TASK INSTRUCTIONS –
Copy the listing below in full, exactly.

=-=-=

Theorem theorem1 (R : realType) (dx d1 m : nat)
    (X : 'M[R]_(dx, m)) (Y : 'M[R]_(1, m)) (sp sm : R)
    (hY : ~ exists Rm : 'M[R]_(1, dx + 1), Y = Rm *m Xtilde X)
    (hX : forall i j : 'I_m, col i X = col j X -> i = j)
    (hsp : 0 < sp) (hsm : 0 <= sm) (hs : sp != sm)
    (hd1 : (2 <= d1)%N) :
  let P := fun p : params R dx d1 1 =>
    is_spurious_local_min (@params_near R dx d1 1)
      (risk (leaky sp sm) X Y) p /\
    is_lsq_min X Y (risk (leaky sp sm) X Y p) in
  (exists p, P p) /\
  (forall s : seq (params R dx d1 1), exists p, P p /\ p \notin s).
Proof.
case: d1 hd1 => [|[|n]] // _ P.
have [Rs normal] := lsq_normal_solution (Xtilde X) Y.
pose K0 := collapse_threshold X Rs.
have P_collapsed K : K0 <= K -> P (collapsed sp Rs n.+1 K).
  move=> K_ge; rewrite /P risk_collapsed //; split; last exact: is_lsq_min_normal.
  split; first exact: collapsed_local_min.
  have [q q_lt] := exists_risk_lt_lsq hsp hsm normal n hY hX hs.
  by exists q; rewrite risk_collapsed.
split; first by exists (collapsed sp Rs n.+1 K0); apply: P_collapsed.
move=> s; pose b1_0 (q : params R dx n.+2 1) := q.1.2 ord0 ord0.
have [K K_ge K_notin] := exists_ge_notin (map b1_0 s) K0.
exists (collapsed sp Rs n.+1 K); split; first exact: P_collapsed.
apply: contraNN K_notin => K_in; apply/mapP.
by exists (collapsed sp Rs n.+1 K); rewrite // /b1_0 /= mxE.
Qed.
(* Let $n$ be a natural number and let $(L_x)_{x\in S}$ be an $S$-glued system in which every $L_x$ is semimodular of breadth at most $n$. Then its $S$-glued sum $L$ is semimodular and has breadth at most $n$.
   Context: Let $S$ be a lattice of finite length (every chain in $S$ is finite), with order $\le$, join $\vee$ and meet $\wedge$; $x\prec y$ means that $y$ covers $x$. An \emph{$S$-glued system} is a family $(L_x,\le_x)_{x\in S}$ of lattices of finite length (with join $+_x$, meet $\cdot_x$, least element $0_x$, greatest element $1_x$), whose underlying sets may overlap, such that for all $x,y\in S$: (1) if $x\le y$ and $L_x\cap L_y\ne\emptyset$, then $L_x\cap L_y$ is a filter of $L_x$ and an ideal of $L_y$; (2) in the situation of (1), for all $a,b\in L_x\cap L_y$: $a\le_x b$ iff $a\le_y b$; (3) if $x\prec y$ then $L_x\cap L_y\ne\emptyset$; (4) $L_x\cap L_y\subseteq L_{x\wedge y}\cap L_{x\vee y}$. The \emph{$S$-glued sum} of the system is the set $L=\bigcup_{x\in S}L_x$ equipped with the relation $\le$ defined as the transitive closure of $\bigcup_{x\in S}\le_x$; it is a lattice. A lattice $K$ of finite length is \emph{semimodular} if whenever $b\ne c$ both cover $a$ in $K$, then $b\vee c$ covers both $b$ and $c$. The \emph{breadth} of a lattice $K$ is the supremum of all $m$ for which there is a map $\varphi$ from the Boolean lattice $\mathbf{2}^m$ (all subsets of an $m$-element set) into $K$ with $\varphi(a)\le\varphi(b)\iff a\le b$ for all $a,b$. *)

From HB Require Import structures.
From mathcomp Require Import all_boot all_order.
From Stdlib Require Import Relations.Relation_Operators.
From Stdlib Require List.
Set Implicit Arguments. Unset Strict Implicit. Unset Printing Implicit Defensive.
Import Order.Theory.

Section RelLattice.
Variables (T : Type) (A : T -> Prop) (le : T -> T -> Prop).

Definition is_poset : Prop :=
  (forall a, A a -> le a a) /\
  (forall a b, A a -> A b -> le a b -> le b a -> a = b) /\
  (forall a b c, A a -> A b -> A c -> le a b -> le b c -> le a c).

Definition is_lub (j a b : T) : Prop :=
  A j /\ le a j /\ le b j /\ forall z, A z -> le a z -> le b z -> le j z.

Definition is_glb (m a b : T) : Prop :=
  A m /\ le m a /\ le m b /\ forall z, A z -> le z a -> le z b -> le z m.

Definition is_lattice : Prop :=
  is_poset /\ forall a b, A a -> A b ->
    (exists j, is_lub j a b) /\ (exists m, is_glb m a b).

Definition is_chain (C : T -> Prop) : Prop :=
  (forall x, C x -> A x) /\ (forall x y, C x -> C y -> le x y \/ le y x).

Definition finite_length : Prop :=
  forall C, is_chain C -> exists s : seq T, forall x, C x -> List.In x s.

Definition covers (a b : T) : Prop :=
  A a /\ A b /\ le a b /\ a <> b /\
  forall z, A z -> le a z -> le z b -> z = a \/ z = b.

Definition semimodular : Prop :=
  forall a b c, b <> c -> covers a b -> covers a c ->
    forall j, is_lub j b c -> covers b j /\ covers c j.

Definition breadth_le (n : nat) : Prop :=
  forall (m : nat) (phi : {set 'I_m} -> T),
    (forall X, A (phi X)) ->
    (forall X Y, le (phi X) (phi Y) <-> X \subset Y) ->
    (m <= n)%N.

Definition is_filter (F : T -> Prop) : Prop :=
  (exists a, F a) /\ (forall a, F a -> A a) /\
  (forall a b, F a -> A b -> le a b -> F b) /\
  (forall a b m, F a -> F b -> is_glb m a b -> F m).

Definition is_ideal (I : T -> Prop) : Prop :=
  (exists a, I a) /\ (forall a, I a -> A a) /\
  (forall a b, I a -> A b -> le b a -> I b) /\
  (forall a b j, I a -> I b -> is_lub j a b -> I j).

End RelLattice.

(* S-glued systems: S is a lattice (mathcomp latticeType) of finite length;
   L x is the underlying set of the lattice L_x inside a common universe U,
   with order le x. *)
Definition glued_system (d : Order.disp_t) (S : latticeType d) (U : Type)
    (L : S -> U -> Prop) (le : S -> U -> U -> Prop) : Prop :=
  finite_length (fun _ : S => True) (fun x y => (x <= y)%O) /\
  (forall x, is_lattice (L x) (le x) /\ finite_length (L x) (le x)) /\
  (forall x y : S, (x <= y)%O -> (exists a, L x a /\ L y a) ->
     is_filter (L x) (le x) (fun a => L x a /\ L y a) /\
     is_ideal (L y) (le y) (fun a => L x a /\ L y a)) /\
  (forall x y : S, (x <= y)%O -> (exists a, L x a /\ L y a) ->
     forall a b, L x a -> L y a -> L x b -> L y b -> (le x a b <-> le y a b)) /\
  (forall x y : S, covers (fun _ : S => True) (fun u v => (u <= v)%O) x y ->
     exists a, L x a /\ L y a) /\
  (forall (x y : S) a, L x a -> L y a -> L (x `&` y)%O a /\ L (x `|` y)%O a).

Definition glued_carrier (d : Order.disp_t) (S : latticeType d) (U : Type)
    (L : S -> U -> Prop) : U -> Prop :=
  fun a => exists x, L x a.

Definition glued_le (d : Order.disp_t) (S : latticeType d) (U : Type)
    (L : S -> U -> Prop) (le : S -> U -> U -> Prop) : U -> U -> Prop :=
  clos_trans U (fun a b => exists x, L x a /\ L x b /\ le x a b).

=-=-=

YOUR RESPONSE –
Theorem theorem1 (R : realType) (dx d1 m : nat)
    (X : 'M[R]_(dx, m)) (Y : 'M[R]_(1, m)) (sp sm : R)
    (hY : ~ exists Rm : 'M[R]_(1, dx + 1), Y = Rm *m Xtilde X)
    (hX : forall i j : 'I_m, col i X = col j X -> i = j)
    (hsp : 0 < sp) (hsm : 0 <= sm) (hs : sp != sm)
    (hd1 : (2 <= d1)%N) :
  let P := fun p : params R dx d1 1 =>
    is_spurious_local_min (@params_near R dx d1 1)
      (risk (leaky sp sm) X Y) p /\
    is_lsq_min X Y (risk (leaky sp sm) X Y p) in
  (exists p, P p) /\
  (forall s : seq (params R dx d1 1), exists p, P p /\ p \notin s).
Proof.
case: d1 hd1 => [|[|n]] // _ P.
have [Rs normal] := lsq_normal_solution (Xtilde X) Y.
pose K0 := collapse_threshold X Rs.
have P_collapsed K : K0 <= K -> P (collapsed sp Rs n.+1 K).
  move=> K_ge; rewrite /P risk_collapsed //; split; last exact: is_lsq_min_normal.
  split; first exact: collapsed_local_min.
  have [q q_lt] := exists_risk_lt_lsq hsp hsm normal n hY hX hs.
  by exists q; rewrite risk_collapsed.
split; first by exists (collapsed sp Rs n.+1 K0); apply: P_collapsed.
move=> s; pose b1_0 (q : params R dx n.+2 1) := q.1.2 ord0 ord0.
have [K K_ge K_notin] := exists_ge_notin (map b1_0 s) K0.
exists (collapsed sp Rs n.+1 K); split; first exact: P_collapsed.
apply: contraNN K_notin => K_in; apply/mapP.
by exists (collapsed sp Rs n.+1 K); rewrite // /b1_0 /= mxE.
Qed.
(* Let $n$ be a natural number and let $(L_x)_{x\in S}$ be an $S$-glued system in which every $L_x$ is semimodular of breadth at most $n$. Then its $S$-glued sum $L$ is semimodular and has breadth at most $n$.
   Context: Let $S$ be a lattice of finite length (every chain in $S$ is finite), with order $\le$, join $\vee$ and meet $\wedge$; $x\prec y$ means that $y$ covers $x$. An \emph{$S$-glued system} is a family $(L_x,\le_x)_{x\in S}$ of lattices of finite length (with join $+_x$, meet $\cdot_x$, least element $0_x$, greatest element $1_x$), whose underlying sets may overlap, such that for all $x,y\in S$: (1) if $x\le y$ and $L_x\cap L_y\ne\emptyset$, then $L_x\cap L_y$ is a filter of $L_x$ and an ideal of $L_y$; (2) in the situation of (1), for all $a,b\in L_x\cap L_y$: $a\le_x b$ iff $a\le_y b$; (3) if $x\prec y$ then $L_x\cap L_y\ne\emptyset$; (4) $L_x\cap L_y\subseteq L_{x\wedge y}\cap L_{x\vee y}$. The \emph{$S$-glued sum} of the system is the set $L=\bigcup_{x\in S}L_x$ equipped with the relation $\le$ defined as the transitive closure of $\bigcup_{x\in S}\le_x$; it is a lattice. A lattice $K$ of finite length is \emph{semimodular} if whenever $b\ne c$ both cover $a$ in $K$, then $b\vee c$ covers both $b$ and $c$. The \emph{breadth} of a lattice $K$ is the supremum of all $m$ for which there is a map $\varphi$ from the Boolean lattice $\mathbf{2}^m$ (all subsets of an $m$-element set) into $K$ with $\varphi(a)\le\varphi(b)\iff a\le b$ for all $a,b$. *)

From HB Require Import structures.
From mathcomp Require Import all_boot all_order.
From Stdlib Require Import Relations.Relation_Operators.
From Stdlib Require List.
Set Implicit Arguments. Unset Strict Implicit. Unset Printing Implicit Defensive.
Import Order.Theory.

Section RelLattice.
Variables (T : Type) (A : T -> Prop) (le : T -> T -> Prop).

Definition is_poset : Prop :=
  (forall a, A a -> le a a) /\
  (forall a b, A a -> A b -> le a b -> le b a -> a = b) /\
  (forall a b c, A a -> A b -> A c -> le a b -> le b c -> le a c).

Definition is_lub (j a b : T) : Prop :=
  A j /\ le a j /\ le b j /\ forall z, A z -> le a z -> le b z -> le j z.

Definition is_glb (m a b : T) : Prop :=
  A m /\ le m a /\ le m b /\ forall z, A z -> le z a -> le z b -> le z m.

Definition is_lattice : Prop :=
  is_poset /\ forall a b, A a -> A b ->
    (exists j, is_lub j a b) /\ (exists m, is_glb m a b).

Definition is_chain (C : T -> Prop) : Prop :=
  (forall x, C x -> A x) /\ (forall x y, C x -> C y -> le x y \/ le y x).

Definition finite_length : Prop :=
  forall C, is_chain C -> exists s : seq T, forall x, C x -> List.In x s.

Definition covers (a b : T) : Prop :=
  A a /\ A b /\ le a b /\ a <> b /\
  forall z, A z -> le a z -> le z b -> z = a \/ z = b.

Definition semimodular : Prop :=
  forall a b c, b <> c -> covers a b -> covers a c ->
    forall j, is_lub j b c -> covers b j /\ covers c j.

Definition breadth_le (n : nat) : Prop :=
  forall (m : nat) (phi : {set 'I_m} -> T),
    (forall X, A (phi X)) ->
    (forall X Y, le (phi X) (phi Y) <-> X \subset Y) ->
    (m <= n)%N.

Definition is_filter (F : T -> Prop) : Prop :=
  (exists a, F a) /\ (forall a, F a -> A a) /\
  (forall a b, F a -> A b -> le a b -> F b) /\
  (forall a b m, F a -> F b -> is_glb m a b -> F m).

Definition is_ideal (I : T -> Prop) : Prop :=
  (exists a, I a) /\ (forall a, I a -> A a) /\
  (forall a b, I a -> A b -> le b a -> I b) /\
  (forall a b j, I a -> I b -> is_lub j a b -> I j).

End RelLattice.

(* S-glued systems: S is a lattice (mathcomp latticeType) of finite length;
   L x is the underlying set of the lattice L_x inside a common universe U,
   with order le x. *)
Definition glued_system (d : Order.disp_t) (S : latticeType d) (U : Type)
    (L : S -> U -> Prop) (le : S -> U -> U -> Prop) : Prop :=
  finite_length (fun _ : S => True) (fun x y => (x <= y)%O) /\
  (forall x, is_lattice (L x) (le x) /\ finite_length (L x) (le x)) /\
  (forall x y : S, (x <= y)%O -> (exists a, L x a /\ L y a) ->
     is_filter (L x) (le x) (fun a => L x a /\ L y a) /\
     is_ideal (L y) (le y) (fun a => L x a /\ L y a)) /\
  (forall x y : S, (x <= y)%O -> (exists a, L x a /\ L y a) ->
     forall a b, L x a -> L y a -> L x b -> L y b -> (le x a b <-> le y a b)) /\
  (forall x y : S, covers (fun _ : S => True) (fun u v => (u <= v)%O) x y ->
     exists a, L x a /\ L y a) /\
  (forall (x y : S) a, L x a -> L y a -> L (x `&` y)%O a /\ L (x `|` y)%O a).

Definition glued_carrier (d : Order.disp_t) (S : latticeType d) (U : Type)
    (L : S -> U -> Prop) : U -> Prop :=
  fun a => exists x, L x a.

Definition glued_le (d : Order.disp_t) (S : latticeType d) (U : Type)
    (L : S -> U -> Prop) (le : S -> U -> U -> Prop) : U -> U -> Prop :=
  clos_trans U (fun a b => exists x, L x a /\ L x b /\ le x a b).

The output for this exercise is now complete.